PROBLEM DESCRIPTION
Reproduce the entries shown below only from the line with "have := slope_lin_mul_mem" down to the line with "Proof. by case: k", keeping both end lines and copying each one exactly.

---------- DATA RECORDS

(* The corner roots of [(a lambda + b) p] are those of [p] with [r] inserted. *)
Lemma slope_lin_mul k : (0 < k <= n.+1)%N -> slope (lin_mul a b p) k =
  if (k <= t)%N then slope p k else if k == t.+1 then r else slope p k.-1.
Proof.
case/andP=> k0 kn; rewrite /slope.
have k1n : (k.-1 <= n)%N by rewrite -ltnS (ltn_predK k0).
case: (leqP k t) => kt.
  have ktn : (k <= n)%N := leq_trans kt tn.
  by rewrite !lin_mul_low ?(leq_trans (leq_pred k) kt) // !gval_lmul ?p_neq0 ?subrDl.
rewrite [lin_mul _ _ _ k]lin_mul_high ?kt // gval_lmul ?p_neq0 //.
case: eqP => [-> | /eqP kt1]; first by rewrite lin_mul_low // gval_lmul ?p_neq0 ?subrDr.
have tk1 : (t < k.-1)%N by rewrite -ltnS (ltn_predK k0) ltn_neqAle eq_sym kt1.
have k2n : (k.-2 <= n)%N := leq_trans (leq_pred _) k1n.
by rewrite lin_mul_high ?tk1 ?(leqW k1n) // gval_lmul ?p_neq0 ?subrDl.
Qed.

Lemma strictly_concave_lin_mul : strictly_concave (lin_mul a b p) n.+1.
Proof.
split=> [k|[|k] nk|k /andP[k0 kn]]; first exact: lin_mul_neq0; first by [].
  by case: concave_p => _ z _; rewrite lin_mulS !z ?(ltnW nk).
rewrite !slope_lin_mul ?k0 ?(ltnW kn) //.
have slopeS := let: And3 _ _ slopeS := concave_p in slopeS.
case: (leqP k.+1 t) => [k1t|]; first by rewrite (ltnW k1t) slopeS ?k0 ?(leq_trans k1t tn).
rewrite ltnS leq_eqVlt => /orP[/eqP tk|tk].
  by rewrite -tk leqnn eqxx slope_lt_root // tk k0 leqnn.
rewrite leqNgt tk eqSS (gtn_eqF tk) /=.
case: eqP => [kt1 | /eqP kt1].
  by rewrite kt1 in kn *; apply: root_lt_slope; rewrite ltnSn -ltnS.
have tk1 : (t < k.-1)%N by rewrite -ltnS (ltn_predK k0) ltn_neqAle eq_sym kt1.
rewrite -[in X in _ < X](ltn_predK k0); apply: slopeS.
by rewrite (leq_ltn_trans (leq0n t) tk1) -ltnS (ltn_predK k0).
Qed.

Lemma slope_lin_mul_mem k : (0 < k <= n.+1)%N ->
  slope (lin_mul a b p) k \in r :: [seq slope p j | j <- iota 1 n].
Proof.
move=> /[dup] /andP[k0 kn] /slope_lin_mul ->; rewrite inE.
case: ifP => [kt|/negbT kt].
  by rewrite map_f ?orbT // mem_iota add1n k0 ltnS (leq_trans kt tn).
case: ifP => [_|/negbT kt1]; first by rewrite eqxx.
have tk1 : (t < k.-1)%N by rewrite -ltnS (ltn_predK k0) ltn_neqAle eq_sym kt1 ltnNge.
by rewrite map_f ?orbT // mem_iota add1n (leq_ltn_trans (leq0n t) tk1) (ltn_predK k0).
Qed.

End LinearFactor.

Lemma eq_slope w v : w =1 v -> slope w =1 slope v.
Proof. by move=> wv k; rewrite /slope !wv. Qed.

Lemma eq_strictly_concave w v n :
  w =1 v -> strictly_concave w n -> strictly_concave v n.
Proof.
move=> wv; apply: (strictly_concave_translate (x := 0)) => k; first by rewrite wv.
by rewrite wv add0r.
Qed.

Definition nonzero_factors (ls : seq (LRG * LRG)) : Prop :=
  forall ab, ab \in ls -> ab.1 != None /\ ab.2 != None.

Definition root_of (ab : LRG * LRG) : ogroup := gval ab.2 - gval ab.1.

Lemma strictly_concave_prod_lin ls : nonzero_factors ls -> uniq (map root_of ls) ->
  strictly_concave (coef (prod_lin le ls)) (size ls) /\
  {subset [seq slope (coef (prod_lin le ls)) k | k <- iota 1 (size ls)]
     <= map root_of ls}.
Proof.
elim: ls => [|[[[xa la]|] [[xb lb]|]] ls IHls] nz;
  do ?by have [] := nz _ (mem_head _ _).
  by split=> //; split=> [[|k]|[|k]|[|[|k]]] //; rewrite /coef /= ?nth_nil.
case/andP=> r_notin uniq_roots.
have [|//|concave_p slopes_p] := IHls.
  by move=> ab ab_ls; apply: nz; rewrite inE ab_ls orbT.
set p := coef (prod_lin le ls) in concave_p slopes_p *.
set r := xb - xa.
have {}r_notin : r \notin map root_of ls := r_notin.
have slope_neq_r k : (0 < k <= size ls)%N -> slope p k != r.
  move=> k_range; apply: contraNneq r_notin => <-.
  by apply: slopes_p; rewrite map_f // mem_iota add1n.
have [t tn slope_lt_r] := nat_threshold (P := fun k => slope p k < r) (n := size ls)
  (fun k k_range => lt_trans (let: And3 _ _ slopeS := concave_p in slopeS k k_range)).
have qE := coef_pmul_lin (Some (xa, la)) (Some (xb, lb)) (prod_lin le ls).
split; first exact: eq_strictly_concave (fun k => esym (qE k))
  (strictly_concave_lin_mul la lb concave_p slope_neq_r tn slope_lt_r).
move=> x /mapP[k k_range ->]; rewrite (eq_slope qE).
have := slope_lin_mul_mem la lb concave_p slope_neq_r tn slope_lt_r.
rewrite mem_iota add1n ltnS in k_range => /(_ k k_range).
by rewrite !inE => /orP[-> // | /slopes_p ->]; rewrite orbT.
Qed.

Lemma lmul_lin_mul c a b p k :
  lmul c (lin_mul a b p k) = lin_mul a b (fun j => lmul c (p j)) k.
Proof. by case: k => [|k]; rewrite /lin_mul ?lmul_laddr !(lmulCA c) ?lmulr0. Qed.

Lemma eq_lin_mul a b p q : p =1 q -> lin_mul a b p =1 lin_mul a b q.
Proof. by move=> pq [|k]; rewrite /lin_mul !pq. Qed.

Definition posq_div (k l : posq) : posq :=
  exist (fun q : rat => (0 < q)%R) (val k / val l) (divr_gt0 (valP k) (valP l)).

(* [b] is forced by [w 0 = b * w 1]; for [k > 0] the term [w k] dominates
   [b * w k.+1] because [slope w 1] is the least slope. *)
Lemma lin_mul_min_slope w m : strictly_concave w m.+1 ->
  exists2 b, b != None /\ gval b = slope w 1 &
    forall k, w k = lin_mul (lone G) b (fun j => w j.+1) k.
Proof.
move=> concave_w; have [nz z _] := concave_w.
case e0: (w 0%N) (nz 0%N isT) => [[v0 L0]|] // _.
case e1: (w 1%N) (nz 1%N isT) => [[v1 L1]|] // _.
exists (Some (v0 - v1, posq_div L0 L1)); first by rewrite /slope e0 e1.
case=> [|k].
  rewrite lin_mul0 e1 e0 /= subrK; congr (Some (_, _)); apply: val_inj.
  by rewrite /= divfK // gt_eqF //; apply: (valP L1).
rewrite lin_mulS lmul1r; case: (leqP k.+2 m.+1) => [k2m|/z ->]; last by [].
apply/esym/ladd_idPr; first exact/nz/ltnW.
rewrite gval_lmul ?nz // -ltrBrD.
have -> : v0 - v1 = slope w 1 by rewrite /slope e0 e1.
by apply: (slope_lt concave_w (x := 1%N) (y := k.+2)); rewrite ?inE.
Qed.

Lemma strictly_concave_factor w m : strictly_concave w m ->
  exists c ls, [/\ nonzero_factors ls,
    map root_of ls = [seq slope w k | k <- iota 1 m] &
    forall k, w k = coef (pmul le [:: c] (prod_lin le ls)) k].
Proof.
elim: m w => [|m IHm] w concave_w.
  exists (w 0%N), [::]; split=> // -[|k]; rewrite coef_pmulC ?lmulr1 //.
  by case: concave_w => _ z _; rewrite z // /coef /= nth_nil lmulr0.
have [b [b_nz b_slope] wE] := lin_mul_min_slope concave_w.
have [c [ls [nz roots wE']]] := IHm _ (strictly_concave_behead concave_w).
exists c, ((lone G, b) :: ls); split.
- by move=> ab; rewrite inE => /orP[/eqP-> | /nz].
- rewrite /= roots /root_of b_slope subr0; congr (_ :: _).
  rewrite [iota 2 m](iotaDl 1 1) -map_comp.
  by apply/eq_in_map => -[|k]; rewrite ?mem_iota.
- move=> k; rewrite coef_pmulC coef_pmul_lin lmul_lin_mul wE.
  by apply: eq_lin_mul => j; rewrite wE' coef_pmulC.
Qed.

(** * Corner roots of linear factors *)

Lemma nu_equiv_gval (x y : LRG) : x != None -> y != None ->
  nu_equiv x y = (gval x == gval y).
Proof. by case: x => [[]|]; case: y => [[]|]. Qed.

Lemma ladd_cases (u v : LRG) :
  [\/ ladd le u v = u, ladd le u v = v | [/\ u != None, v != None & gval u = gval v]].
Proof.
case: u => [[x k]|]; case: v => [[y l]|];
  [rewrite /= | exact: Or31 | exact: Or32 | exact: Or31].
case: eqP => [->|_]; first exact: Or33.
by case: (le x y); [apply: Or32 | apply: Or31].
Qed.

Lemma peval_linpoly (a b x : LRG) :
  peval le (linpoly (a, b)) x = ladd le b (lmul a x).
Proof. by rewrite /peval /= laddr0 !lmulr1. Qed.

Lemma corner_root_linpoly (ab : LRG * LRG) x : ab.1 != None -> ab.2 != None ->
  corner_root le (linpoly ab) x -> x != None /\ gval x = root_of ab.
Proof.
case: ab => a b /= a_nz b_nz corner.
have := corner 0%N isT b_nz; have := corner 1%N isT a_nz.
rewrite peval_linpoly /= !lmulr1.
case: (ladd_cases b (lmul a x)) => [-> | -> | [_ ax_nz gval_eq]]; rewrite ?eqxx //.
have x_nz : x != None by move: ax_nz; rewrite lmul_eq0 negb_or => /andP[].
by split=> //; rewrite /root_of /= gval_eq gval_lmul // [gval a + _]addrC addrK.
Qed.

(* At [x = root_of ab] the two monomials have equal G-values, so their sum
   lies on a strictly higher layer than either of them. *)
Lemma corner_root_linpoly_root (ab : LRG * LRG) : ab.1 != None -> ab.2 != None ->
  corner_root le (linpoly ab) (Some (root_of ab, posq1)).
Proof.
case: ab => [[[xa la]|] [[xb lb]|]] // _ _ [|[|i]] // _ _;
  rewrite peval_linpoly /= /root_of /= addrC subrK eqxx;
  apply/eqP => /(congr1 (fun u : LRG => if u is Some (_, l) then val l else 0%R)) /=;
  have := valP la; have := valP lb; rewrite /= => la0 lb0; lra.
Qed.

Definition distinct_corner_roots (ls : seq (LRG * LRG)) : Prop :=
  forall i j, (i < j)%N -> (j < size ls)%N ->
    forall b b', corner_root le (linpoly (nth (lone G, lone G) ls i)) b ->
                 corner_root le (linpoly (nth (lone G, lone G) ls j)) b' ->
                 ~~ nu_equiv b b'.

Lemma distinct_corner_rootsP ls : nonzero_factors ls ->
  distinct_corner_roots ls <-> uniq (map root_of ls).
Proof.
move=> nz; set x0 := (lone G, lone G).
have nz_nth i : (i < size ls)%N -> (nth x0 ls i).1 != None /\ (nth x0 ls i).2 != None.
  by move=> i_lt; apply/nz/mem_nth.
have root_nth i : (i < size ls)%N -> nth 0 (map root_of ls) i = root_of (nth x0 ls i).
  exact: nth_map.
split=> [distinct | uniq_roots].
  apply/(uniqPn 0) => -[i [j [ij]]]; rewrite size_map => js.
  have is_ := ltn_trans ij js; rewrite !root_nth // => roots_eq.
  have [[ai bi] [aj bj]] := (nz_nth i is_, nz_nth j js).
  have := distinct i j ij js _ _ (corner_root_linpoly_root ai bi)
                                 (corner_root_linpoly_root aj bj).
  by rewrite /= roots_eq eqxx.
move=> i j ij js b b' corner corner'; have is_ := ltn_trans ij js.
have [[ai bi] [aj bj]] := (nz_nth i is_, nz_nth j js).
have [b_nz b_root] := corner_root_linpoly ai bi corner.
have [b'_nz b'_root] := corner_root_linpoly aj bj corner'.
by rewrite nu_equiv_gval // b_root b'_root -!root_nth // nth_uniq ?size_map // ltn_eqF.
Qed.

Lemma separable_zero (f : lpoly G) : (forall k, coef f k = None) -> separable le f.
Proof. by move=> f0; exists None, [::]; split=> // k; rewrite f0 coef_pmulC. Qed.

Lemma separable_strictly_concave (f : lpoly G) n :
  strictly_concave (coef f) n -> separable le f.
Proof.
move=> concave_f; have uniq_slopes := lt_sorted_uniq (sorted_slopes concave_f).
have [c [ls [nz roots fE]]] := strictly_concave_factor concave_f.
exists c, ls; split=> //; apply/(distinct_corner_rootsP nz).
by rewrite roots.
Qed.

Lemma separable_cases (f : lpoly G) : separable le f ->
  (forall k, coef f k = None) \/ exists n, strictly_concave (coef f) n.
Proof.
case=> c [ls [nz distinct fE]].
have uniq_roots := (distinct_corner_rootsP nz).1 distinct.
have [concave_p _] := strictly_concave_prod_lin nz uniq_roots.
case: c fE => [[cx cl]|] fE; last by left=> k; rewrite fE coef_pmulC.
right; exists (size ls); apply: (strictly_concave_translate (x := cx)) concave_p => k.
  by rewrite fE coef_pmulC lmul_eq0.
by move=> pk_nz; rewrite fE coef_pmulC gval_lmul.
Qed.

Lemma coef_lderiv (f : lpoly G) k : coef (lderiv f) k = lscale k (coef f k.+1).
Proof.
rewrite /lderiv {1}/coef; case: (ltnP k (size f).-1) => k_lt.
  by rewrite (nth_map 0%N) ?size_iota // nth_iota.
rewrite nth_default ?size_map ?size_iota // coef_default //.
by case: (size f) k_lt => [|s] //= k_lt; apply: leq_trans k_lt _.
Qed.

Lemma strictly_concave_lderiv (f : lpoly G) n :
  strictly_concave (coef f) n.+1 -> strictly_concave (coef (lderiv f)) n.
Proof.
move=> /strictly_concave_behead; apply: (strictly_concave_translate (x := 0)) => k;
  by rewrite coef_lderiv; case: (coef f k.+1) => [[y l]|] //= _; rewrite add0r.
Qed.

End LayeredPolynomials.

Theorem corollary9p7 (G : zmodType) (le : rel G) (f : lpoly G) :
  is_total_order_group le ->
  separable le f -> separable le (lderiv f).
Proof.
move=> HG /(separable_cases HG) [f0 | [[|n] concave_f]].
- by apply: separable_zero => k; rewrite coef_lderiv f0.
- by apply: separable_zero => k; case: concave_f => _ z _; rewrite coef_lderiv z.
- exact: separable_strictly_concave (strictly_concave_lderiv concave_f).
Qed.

--------------------

YOUR RESPONSE
have := slope_lin_mul_mem la lb concave_p slope_neq_r tn slope_lt_r.
rewrite mem_iota add1n ltnS in k_range => /(_ k k_range).
by rewrite !inE => /orP[-> // | /slopes_p ->]; rewrite orbT.
Qed.

Lemma lmul_lin_mul c a b p k :
  lmul c (lin_mul a b p k) = lin_mul a b (fun j => lmul c (p j)) k.
Proof. by case: k => [|k]; rewrite /lin_mul ?lmul_laddr !(lmulCA c) ?lmulr0. Qed.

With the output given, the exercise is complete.